[Opening Exercise materials section]
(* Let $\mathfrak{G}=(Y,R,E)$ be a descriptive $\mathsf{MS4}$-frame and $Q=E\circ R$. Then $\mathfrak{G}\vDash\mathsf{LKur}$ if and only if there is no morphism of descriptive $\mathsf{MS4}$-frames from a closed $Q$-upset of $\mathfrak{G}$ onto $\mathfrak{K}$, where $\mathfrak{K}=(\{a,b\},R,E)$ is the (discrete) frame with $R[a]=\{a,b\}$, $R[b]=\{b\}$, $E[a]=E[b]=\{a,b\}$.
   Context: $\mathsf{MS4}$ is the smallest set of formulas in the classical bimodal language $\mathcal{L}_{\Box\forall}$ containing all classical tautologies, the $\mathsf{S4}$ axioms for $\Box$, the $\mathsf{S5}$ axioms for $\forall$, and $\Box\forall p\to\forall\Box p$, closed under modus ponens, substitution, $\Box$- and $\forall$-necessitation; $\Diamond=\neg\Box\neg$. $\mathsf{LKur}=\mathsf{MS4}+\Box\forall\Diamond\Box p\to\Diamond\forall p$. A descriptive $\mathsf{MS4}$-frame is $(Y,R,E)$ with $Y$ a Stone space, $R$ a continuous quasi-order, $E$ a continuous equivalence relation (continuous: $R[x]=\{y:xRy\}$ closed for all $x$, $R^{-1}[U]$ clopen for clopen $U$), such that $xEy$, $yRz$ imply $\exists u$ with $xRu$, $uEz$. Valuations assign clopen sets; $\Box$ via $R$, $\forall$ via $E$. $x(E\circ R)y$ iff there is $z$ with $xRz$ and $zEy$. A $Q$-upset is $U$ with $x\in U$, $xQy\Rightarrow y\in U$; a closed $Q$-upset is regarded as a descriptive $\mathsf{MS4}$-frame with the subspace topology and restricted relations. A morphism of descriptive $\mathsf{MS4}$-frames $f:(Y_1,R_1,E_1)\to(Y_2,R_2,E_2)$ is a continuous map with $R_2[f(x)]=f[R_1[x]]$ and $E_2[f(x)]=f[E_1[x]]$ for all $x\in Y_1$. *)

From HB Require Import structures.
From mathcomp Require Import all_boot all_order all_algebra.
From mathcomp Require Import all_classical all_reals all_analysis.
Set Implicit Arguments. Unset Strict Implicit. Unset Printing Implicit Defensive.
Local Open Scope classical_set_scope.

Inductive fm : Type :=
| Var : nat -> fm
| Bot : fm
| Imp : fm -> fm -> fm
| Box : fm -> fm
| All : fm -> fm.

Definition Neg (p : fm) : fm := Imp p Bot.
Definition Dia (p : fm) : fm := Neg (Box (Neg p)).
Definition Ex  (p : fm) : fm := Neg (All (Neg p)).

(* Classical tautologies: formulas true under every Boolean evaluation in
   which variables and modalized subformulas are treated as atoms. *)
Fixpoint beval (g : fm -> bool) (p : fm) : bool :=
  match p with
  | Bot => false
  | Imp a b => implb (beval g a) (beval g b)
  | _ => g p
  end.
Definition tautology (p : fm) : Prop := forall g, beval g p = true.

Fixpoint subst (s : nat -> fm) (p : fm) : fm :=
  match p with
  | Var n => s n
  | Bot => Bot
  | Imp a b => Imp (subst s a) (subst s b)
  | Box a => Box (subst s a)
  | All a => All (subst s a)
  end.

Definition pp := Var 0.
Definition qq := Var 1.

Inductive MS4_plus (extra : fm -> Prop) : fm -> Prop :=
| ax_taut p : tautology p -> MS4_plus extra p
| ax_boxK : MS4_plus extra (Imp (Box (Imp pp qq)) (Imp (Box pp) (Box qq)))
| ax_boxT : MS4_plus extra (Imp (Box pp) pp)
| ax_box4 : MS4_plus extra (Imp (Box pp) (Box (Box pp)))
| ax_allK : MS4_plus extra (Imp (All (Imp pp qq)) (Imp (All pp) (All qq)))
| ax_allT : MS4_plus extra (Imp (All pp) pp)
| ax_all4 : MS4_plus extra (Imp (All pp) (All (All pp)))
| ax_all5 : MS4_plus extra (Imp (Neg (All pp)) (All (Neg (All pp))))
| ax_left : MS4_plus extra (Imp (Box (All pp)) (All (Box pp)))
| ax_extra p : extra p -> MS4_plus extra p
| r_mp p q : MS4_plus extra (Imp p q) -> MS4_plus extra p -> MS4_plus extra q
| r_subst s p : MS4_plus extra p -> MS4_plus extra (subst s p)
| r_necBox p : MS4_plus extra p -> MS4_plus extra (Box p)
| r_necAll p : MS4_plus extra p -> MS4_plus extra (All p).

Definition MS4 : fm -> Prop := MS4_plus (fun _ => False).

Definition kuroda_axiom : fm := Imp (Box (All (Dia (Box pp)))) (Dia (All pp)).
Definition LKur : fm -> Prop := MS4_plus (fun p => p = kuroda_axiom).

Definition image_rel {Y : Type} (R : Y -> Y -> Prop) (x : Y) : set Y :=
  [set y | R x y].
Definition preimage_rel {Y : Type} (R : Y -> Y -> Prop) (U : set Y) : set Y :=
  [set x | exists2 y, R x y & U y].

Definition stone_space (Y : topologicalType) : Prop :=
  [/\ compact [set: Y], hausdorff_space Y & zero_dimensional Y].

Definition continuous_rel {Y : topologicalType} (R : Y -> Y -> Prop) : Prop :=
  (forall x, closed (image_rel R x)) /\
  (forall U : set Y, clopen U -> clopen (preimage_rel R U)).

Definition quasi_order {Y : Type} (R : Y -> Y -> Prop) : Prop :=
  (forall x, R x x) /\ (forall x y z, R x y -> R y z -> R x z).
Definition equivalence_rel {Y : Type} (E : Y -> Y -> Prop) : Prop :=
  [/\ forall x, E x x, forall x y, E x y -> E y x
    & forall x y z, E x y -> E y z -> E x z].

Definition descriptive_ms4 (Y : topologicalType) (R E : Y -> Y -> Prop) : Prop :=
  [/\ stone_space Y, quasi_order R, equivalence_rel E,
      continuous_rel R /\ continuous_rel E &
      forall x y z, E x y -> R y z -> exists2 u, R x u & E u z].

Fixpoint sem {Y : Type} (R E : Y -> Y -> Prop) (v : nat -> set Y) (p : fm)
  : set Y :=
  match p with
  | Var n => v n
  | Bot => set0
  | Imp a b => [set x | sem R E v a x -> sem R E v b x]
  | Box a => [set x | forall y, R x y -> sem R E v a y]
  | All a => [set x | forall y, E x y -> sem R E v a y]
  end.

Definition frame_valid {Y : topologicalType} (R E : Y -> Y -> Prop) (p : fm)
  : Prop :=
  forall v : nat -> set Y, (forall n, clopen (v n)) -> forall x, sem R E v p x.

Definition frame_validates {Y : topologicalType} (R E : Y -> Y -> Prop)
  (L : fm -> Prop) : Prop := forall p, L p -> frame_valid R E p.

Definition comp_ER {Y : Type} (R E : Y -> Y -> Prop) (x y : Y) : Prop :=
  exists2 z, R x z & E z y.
[Closing Exercise materials section]
--- Problem description ---
From the data above, copy each line exactly.

--- Exercise output ---
(* Let $\mathfrak{G}=(Y,R,E)$ be a descriptive $\mathsf{MS4}$-frame and $Q=E\circ R$. Then $\mathfrak{G}\vDash\mathsf{LKur}$ if and only if there is no morphism of descriptive $\mathsf{MS4}$-frames from a closed $Q$-upset of $\mathfrak{G}$ onto $\mathfrak{K}$, where $\mathfrak{K}=(\{a,b\},R,E)$ is the (discrete) frame with $R[a]=\{a,b\}$, $R[b]=\{b\}$, $E[a]=E[b]=\{a,b\}$.
   Context: $\mathsf{MS4}$ is the smallest set of formulas in the classical bimodal language $\mathcal{L}_{\Box\forall}$ containing all classical tautologies, the $\mathsf{S4}$ axioms for $\Box$, the $\mathsf{S5}$ axioms for $\forall$, and $\Box\forall p\to\forall\Box p$, closed under modus ponens, substitution, $\Box$- and $\forall$-necessitation; $\Diamond=\neg\Box\neg$. $\mathsf{LKur}=\mathsf{MS4}+\Box\forall\Diamond\Box p\to\Diamond\forall p$. A descriptive $\mathsf{MS4}$-frame is $(Y,R,E)$ with $Y$ a Stone space, $R$ a continuous quasi-order, $E$ a continuous equivalence relation (continuous: $R[x]=\{y:xRy\}$ closed for all $x$, $R^{-1}[U]$ clopen for clopen $U$), such that $xEy$, $yRz$ imply $\exists u$ with $xRu$, $uEz$. Valuations assign clopen sets; $\Box$ via $R$, $\forall$ via $E$. $x(E\circ R)y$ iff there is $z$ with $xRz$ and $zEy$. A $Q$-upset is $U$ with $x\in U$, $xQy\Rightarrow y\in U$; a closed $Q$-upset is regarded as a descriptive $\mathsf{MS4}$-frame with the subspace topology and restricted relations. A morphism of descriptive $\mathsf{MS4}$-frames $f:(Y_1,R_1,E_1)\to(Y_2,R_2,E_2)$ is a continuous map with $R_2[f(x)]=f[R_1[x]]$ and $E_2[f(x)]=f[E_1[x]]$ for all $x\in Y_1$. *)

From HB Require Import structures.
From mathcomp Require Import all_boot all_order all_algebra.
From mathcomp Require Import all_classical all_reals all_analysis.
Set Implicit Arguments. Unset Strict Implicit. Unset Printing Implicit Defensive.
Local Open Scope classical_set_scope.

Inductive fm : Type :=
| Var : nat -> fm
| Bot : fm
| Imp : fm -> fm -> fm
| Box : fm -> fm
| All : fm -> fm.

Definition Neg (p : fm) : fm := Imp p Bot.
Definition Dia (p : fm) : fm := Neg (Box (Neg p)).
Definition Ex  (p : fm) : fm := Neg (All (Neg p)).

(* Classical tautologies: formulas true under every Boolean evaluation in
   which variables and modalized subformulas are treated as atoms. *)
Fixpoint beval (g : fm -> bool) (p : fm) : bool :=
  match p with
  | Bot => false
  | Imp a b => implb (beval g a) (beval g b)
  | _ => g p
  end.
Definition tautology (p : fm) : Prop := forall g, beval g p = true.

Fixpoint subst (s : nat -> fm) (p : fm) : fm :=
  match p with
  | Var n => s n
  | Bot => Bot
  | Imp a b => Imp (subst s a) (subst s b)
  | Box a => Box (subst s a)
  | All a => All (subst s a)
  end.

Definition pp := Var 0.
Definition qq := Var 1.

Inductive MS4_plus (extra : fm -> Prop) : fm -> Prop :=
| ax_taut p : tautology p -> MS4_plus extra p
| ax_boxK : MS4_plus extra (Imp (Box (Imp pp qq)) (Imp (Box pp) (Box qq)))
| ax_boxT : MS4_plus extra (Imp (Box pp) pp)
| ax_box4 : MS4_plus extra (Imp (Box pp) (Box (Box pp)))
| ax_allK : MS4_plus extra (Imp (All (Imp pp qq)) (Imp (All pp) (All qq)))
| ax_allT : MS4_plus extra (Imp (All pp) pp)
| ax_all4 : MS4_plus extra (Imp (All pp) (All (All pp)))
| ax_all5 : MS4_plus extra (Imp (Neg (All pp)) (All (Neg (All pp))))
| ax_left : MS4_plus extra (Imp (Box (All pp)) (All (Box pp)))
| ax_extra p : extra p -> MS4_plus extra p
| r_mp p q : MS4_plus extra (Imp p q) -> MS4_plus extra p -> MS4_plus extra q
| r_subst s p : MS4_plus extra p -> MS4_plus extra (subst s p)
| r_necBox p : MS4_plus extra p -> MS4_plus extra (Box p)
| r_necAll p : MS4_plus extra p -> MS4_plus extra (All p).

Definition MS4 : fm -> Prop := MS4_plus (fun _ => False).

Definition kuroda_axiom : fm := Imp (Box (All (Dia (Box pp)))) (Dia (All pp)).
Definition LKur : fm -> Prop := MS4_plus (fun p => p = kuroda_axiom).

Definition image_rel {Y : Type} (R : Y -> Y -> Prop) (x : Y) : set Y :=
  [set y | R x y].
Definition preimage_rel {Y : Type} (R : Y -> Y -> Prop) (U : set Y) : set Y :=
  [set x | exists2 y, R x y & U y].

Definition stone_space (Y : topologicalType) : Prop :=
  [/\ compact [set: Y], hausdorff_space Y & zero_dimensional Y].

Definition continuous_rel {Y : topologicalType} (R : Y -> Y -> Prop) : Prop :=
  (forall x, closed (image_rel R x)) /\
  (forall U : set Y, clopen U -> clopen (preimage_rel R U)).

Definition quasi_order {Y : Type} (R : Y -> Y -> Prop) : Prop :=
  (forall x, R x x) /\ (forall x y z, R x y -> R y z -> R x z).
Definition equivalence_rel {Y : Type} (E : Y -> Y -> Prop) : Prop :=
  [/\ forall x, E x x, forall x y, E x y -> E y x
    & forall x y z, E x y -> E y z -> E x z].

Definition descriptive_ms4 (Y : topologicalType) (R E : Y -> Y -> Prop) : Prop :=
  [/\ stone_space Y, quasi_order R, equivalence_rel E,
      continuous_rel R /\ continuous_rel E &
      forall x y z, E x y -> R y z -> exists2 u, R x u & E u z].

Fixpoint sem {Y : Type} (R E : Y -> Y -> Prop) (v : nat -> set Y) (p : fm)
  : set Y :=
  match p with
  | Var n => v n
  | Bot => set0
  | Imp a b => [set x | sem R E v a x -> sem R E v b x]
  | Box a => [set x | forall y, R x y -> sem R E v a y]
  | All a => [set x | forall y, E x y -> sem R E v a y]
  end.

Definition frame_valid {Y : topologicalType} (R E : Y -> Y -> Prop) (p : fm)
  : Prop :=
  forall v : nat -> set Y, (forall n, clopen (v n)) -> forall x, sem R E v p x.

Definition frame_validates {Y : topologicalType} (R E : Y -> Y -> Prop)
  (L : fm -> Prop) : Prop := forall p, L p -> frame_valid R E p.

Definition comp_ER {Y : Type} (R E : Y -> Y -> Prop) (x y : Y) : Prop :=
  exists2 z, R x z & E z y.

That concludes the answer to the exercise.